■ **TASK DATA**:
Lemma lincomb_dot_le n c0 ws l :
  length ws = length l -> Forall (fun w => 0 <= w) ws ->
  (forall P, In P l -> dot n P <= c0) ->
  dot n (lincomb ws l) <= c0 * fold_right Rplus 0 ws.
Proof.
  revert ws; induction l as [|P l IH]; intros [|w ws] Hlen Hpos Hle;
    try discriminate.
  - unfold dot; simpl; lra.
  - inversion Hpos as [|? ? Hw Hws]; subst.
    rewrite dot_lincomb_cons; simpl.
    assert (HP : dot n P <= c0) by (apply Hle; left; reflexivity).
    assert (Hrest : dot n (lincomb ws l) <= c0 * fold_right Rplus 0 ws)
      by (apply IH; auto; intros Q HQ; apply Hle; right; exact HQ).
    nra.
Qed.

Lemma lincomb_dot_ge n c0 ws l :
  length ws = length l -> Forall (fun w => 0 <= w) ws ->
  (forall P, In P l -> c0 <= dot n P) ->
  c0 * fold_right Rplus 0 ws <= dot n (lincomb ws l).
Proof.
  intros Hlen Hpos Hge.
  assert (H : dot (vopp n) (lincomb ws l) <= - c0 * fold_right Rplus 0 ws).
  { apply lincomb_dot_le; auto.
    intros P HP; rewrite dot_vopp; specialize (Hge P HP); lra. }
  rewrite dot_vopp in H; lra.
Qed.

Lemma hull_dot_le n c0 l x :
  hull l x -> (forall P, In P l -> dot n P <= c0) -> dot n x <= c0.
Proof.
  intros [ws [Hlen [Hpos [Hsum ->]]]] Hle.
  rewrite <- (Rmult_1_r c0), <- Hsum; apply lincomb_dot_le; assumption.
Qed.

Lemma hull_dot_ge n c0 l x :
  hull l x -> (forall P, In P l -> c0 <= dot n P) -> c0 <= dot n x.
Proof.
  intros Hx Hge.
  assert (H : dot (vopp n) x <= - c0).
  { apply (hull_dot_le _ _ _ _ Hx).
    intros P HP; rewrite dot_vopp; specialize (Hge P HP); lra. }
  rewrite dot_vopp in H; lra.
Qed.

Lemma hull_map_dot_ge {A : Type} (f : A -> pt) n c0 l x :
  hull (map f l) x -> (forall v, c0 <= dot n (f v)) -> c0 <= dot n x.
Proof.
  intros Hx Hge; apply (hull_dot_ge _ _ _ _ Hx).
  intros P HP; apply in_map_iff in HP as [v [<- _]]; apply Hge.
Qed.

(* Supporting hyperplanes: if [dot n] is at least c0 on the vertices and at
   most c0 on the combination, every vertex where it exceeds c0 carries weight
   zero, so the combination only uses the vertices selected by p. *)
Lemma lincomb_support {A : Type} (f : A -> pt) (p : A -> bool) n c0 l ws :
  length ws = length l -> Forall (fun w => 0 <= w) ws ->
  (forall v, In v l -> c0 <= dot n (f v)) ->
  (forall v, In v l -> p v = false -> c0 < dot n (f v)) ->
  dot n (lincomb ws (map f l)) <= c0 * fold_right Rplus 0 ws ->
  exists ws', length ws' = length (filter p l) /\ Forall (fun w => 0 <= w) ws' /\
    fold_right Rplus 0 ws' = fold_right Rplus 0 ws /\
    lincomb ws' (map f (filter p l)) = lincomb ws (map f l).
Proof.
  revert ws; induction l as [|v l IH]; intros [|w ws] Hlen Hpos Hge Hgt Hle;
    try discriminate.
  - exists []; split; [reflexivity | split; [constructor | split; reflexivity]].
  - inversion Hpos as [|? ? Hw Hws]; subst.
    cbn [map] in Hle; rewrite dot_lincomb_cons in Hle; cbn [fold_right] in Hle.
    assert (Hv : c0 <= dot n (f v)) by (apply Hge; left; reflexivity).
    assert (Hrest : c0 * fold_right Rplus 0 ws <= dot n (lincomb ws (map f l))).
    { apply lincomb_dot_ge; auto; [rewrite length_map; auto|].
      intros P HP; apply in_map_iff in HP as [u [<- Hu]]; apply Hge; right; exact Hu. }
    destruct (IH ws) as [ws' [Hlen' [Hpos' [Hsum' Hcomb']]]]; auto.
    { intros u Hu; apply Hge; right; exact Hu. }
    { intros u Hu; apply Hgt; right; exact Hu. }
    { nra. }
    cbn [filter]; destruct (p v) eqn:Hp.
    + exists (w :: ws'); split; [|split; [|split]]; cbn.
      * rewrite Hlen'; reflexivity.
      * constructor; assumption.
      * rewrite Hsum'; reflexivity.
      * cbn in Hcomb'; rewrite Hcomb'; reflexivity.
    + assert (Hw0 : w = 0).
      { assert (Hvgt : c0 < dot n (f v)) by (apply Hgt; [left|]; auto). nra. }
      subst w; exists ws'; split; [|split; [|split]]; auto.
      * cbn; rewrite Hsum'; ring.
      * rewrite Hcomb'; cbn; destruct (lincomb ws (map f l)).
        unfold vadd, vscale; cbn; f_equal; ring.
Qed.

Lemma hull_support {A : Type} (f : A -> pt) (p : A -> bool) n c0 l x :
  hull (map f l) x ->
  (forall v, In v l -> c0 <= dot n (f v)) ->
  (forall v, In v l -> p v = false -> c0 < dot n (f v)) ->
  dot n x <= c0 -> hull (map f (filter p l)) x.
Proof.
  intros [ws [Hlen [Hpos [Hsum ->]]]] Hge Hgt Hle.
  rewrite length_map in Hlen.
  destruct (lincomb_support f p n c0 l ws) as [ws' [Hlen' [Hpos' [Hsum' Hcomb']]]];
    auto.
  { rewrite Hsum; lra. }
  exists ws'; split; [|split; [|split]].
  - rewrite length_map; exact Hlen'.
  - exact Hpos'.
  - rewrite Hsum'; exact Hsum.
  - symmetry; exact Hcomb'.
Qed.

Definition in_face (v : hvert) (G : list hvert) : bool := existsb (hvert_eqb v) G.

Lemma hvert_eqbP u v : hvert_eqb u v = true <-> u = v.
Proof. destruct u, v; cbn; split; congruence. Qed.

Lemma in_faceP v G : in_face v G = true <-> In v G.
Proof.
  unfold in_face; rewrite existsb_exists; split.
  - intros [w [Hw E]]; apply hvert_eqbP in E; subst; exact Hw.
  - intros Hv; exists v; split; [exact Hv | apply hvert_eqbP; reflexivity].
Qed.

Lemma not_in_face v G : in_face v G = false -> ~ In v G.
Proof. intros E H; apply in_faceP in H; congruence. Qed.

Definition separated (f : hvert -> pt) (n : pt) (c0 : R) (F G : list hvert) : Prop :=
  (forall v, In v F -> In v G -> dot n (f v) = c0) /\
  (forall v, In v F -> ~ In v G -> c0 < dot n (f v)) /\
  (forall v, In v G -> ~ In v F -> dot n (f v) < c0).

(* Separated faces meet only in the hull of their common vertices: a common
   point is below the plane (it lies in G), hence on it, hence in the face of F
   cut out by the plane. *)
Lemma separated_faces_meet f n c0 F G x :
  separated f n c0 F G -> hull (map f F) x -> hull (map f G) x ->
  hull (map f (common F G)) x.
Proof.
  intros [Hon [Habove Hbelow]] HF HG.
  assert (Hx : dot n x <= c0).
  { apply (hull_dot_le _ _ _ _ HG); intros P HP.
    apply in_map_iff in HP as [v [<- Hv]].
    destruct (in_face v F) eqn:HvF.
    - apply Req_le, Hon; [apply in_faceP|]; assumption.
    - apply Rlt_le, Hbelow; [|apply not_in_face]; assumption. }
  apply (hull_support f (fun v => in_face v G) n c0 F x HF); auto.
  - intros v Hv; destruct (in_face v G) eqn:HvG.
    + apply Req_le; symmetry; apply Hon; [|apply in_faceP]; assumption.
    + apply Rlt_le, Habove; [|apply not_in_face]; assumption.
  - intros v Hv HvG; apply Habove; [|apply not_in_face]; assumption.
Qed.

Lemma separated_swap f n c0 F G :
  separated f n c0 F G -> separated f (vopp n) (- c0) G F.
Proof.
  intros [Hon [Habove Hbelow]]; split; [|split]; intros v Hv Hm; rewrite dot_vopp.
  - rewrite (Hon v Hm Hv); reflexivity.
  - specialize (Hbelow v Hv Hm); lra.
  - specialize (Habove v Hv Hm); lra.
Qed.

Definition rot_vertex (v : hvert) : hvert :=
  match v with
  | Va1 => Va2 | Va2 => Va3 | Va3 => Va1
  | Vp1 => Vp2 | Vp2 => Vp3 | Vp3 => Vp1
  | Vo => Vo
  end.

Lemma rot_vertex_inj u v : rot_vertex u = rot_vertex v -> u = v.
Proof. destruct u, v; cbn; congruence. Qed.

Lemma rot_vertex_cube v : rot_vertex (rot_vertex (rot_vertex v)) = v.
Proof. destruct v; reflexivity. Qed.

Lemma in_map_rot v G : In (rot_vertex v) (map rot_vertex G) <-> In v G.
Proof.
  rewrite in_map_iff; split.
  - intros [u [E Hu]]; apply rot_vertex_inj in E; subst; exact Hu.
  - intros Hv; exists v; split; [reflexivity | exact Hv].
Qed.

Section Rotation.
Variable s : R.
Hypothesis s_sq : s * s = 3 / 4.

(* Rotation by 120 degrees about the z-axis (s stands for sqrt 3 / 2). *)
Definition rot (u : pt) : pt :=
  Pt (- px u / 2 - s * py u) (s * px u - py u / 2) (pz u).

Lemma dot_rot n u : dot (rot n) (rot u) = dot n u.
Proof.
  assert (E : dot (rot n) (rot u) - dot n u
              = (s * s - 3 / 4) * (px n * px u + py n * py u))
    by (unfold dot, rot; cbn [px py pz]; field).
  rewrite s_sq in E; lra.
Qed.

Lemma separated_rot f n c0 F G :
  (forall v, f (rot_vertex v) = rot (f v)) ->
  separated f n c0 F G ->
  separated f (rot n) c0 (map rot_vertex F) (map rot_vertex G).
Proof.
  intros Hf [Hon [Habove Hbelow]]; split; [|split]; intros w Hw Hm;
    apply in_map_iff in Hw as [v [<- Hv]]; rewrite Hf, dot_rot;
    rewrite in_map_rot in Hm; auto.
Qed.
End Rotation.

(* Boundary triangle of circumradius r and side c at height 0, inner triangle
   of circumradius t and side d at height h, apex o at height h + g. *)
Definition hat_pt (r t c d h g : R) (v : hvert) : pt :=
  match v with
  | Va1 => Pt r 0 0
  | Va2 => Pt (- (r / 2)) (c / 2) 0
  | Va3 => Pt (- (r / 2)) (- (c / 2)) 0
  | Vp1 => Pt (- t) 0 h
  | Vp2 => Pt (t / 2) (- (d / 2)) h
  | Vp3 => Pt (t / 2) (d / 2) h
  | Vo => Pt 0 0 (h + g)
  end.

Definition certified (f : hvert -> pt) (F G : list hvert) : Prop :=
  exists n c0, separated f n c0 F G.

Lemma common_self F : common F F = F.
Proof.
  unfold common.
  assert (H : forall l, incl l F -> filter (fun v => existsb (hvert_eqb v) F) l = l).
  { induction l as [|v l IH]; intros Hl; [reflexivity|]; cbn.
    replace (existsb (hvert_eqb v) F) with true
      by (symmetry; apply in_faceP, Hl; left; reflexivity).
    rewrite IH; [reflexivity|]. intros w Hw; apply Hl; right; exact Hw. }
  apply H, incl_refl.
Qed.

Lemma embedded_of_separation f :
  (forall u v, f u = f v -> u = v) ->
  (forall F G, In F hat_faces -> In G hat_faces -> F = G \/ certified f F G) ->
  embedded f.
Proof.
  intros Hinj Hsep; split; [exact Hinj|].
  intros F G HF HG x HxF HxG.
  destruct (Hsep F G HF HG) as [<- | [n [c0 Hnc]]].
  - rewrite common_self; exact HxF.
  - exact (separated_faces_meet f n c0 F G x Hnc HxF HxG).
Qed.

Lemma certified_swap f F G : certified f F G -> certified f G F.
Proof. intros [n [c0 H]]; exists (vopp n), (- c0); apply separated_swap, H. Qed.

Lemma dist3_eq u v y :
  0 <= y -> dot (vsub u v) (vsub u v) = y * y -> dist3 u v = y.
Proof. intros Hy E; unfold dist3; rewrite E; apply sqrt_square, Hy. Qed.

Section HatModel.
Variables r t c d h g s : R.
Hypotheses (r_bnd : 0.78007 <= r <= 0.78017) (t_bnd : 0.10063 <= t <= 0.10065)
  (c_bnd : 1.35114 <= c <= 1.35128) (d_bnd : 0.1743 <= d <= 0.17432)
  (h_bnd : 0.6779 <= h <= 0.6783) (g_bnd : 0.9949 <= g <= 0.9950).
Hypotheses (s_sq : s * s = 3 / 4) (c_def : c = 2 * s * r) (d_def : d = 2 * s * t).

Let f := hat_pt r t c d h g.

Lemma hat_pt_rot v : f (rot_vertex v) = rot s (f v).
Proof.
  assert (sc : s * c = 3 / 2 * r) by (rewrite c_def; nra).
  assert (sd : s * d = 3 / 2 * t) by (rewrite d_def; nra).
  destruct v; unfold f, rot; cbn; f_equal; lra.
Qed.

Lemma certified_rot F G :
  certified f F G -> certified f (map rot_vertex F) (map rot_vertex G).
Proof.
  intros [n [c0 H]]; exists (rot s n), c0.
  apply separated_rot; [exact s_sq | exact hat_pt_rot | exact H].
Qed.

■ **ASSIGNMENT**: From the listing above, copy all lines holding the word "side".

■ **EXERCISE RESPONSE**:
(* Boundary triangle of circumradius r and side c at height 0, inner triangle
   of circumradius t and side d at height h, apex o at height h + g. *)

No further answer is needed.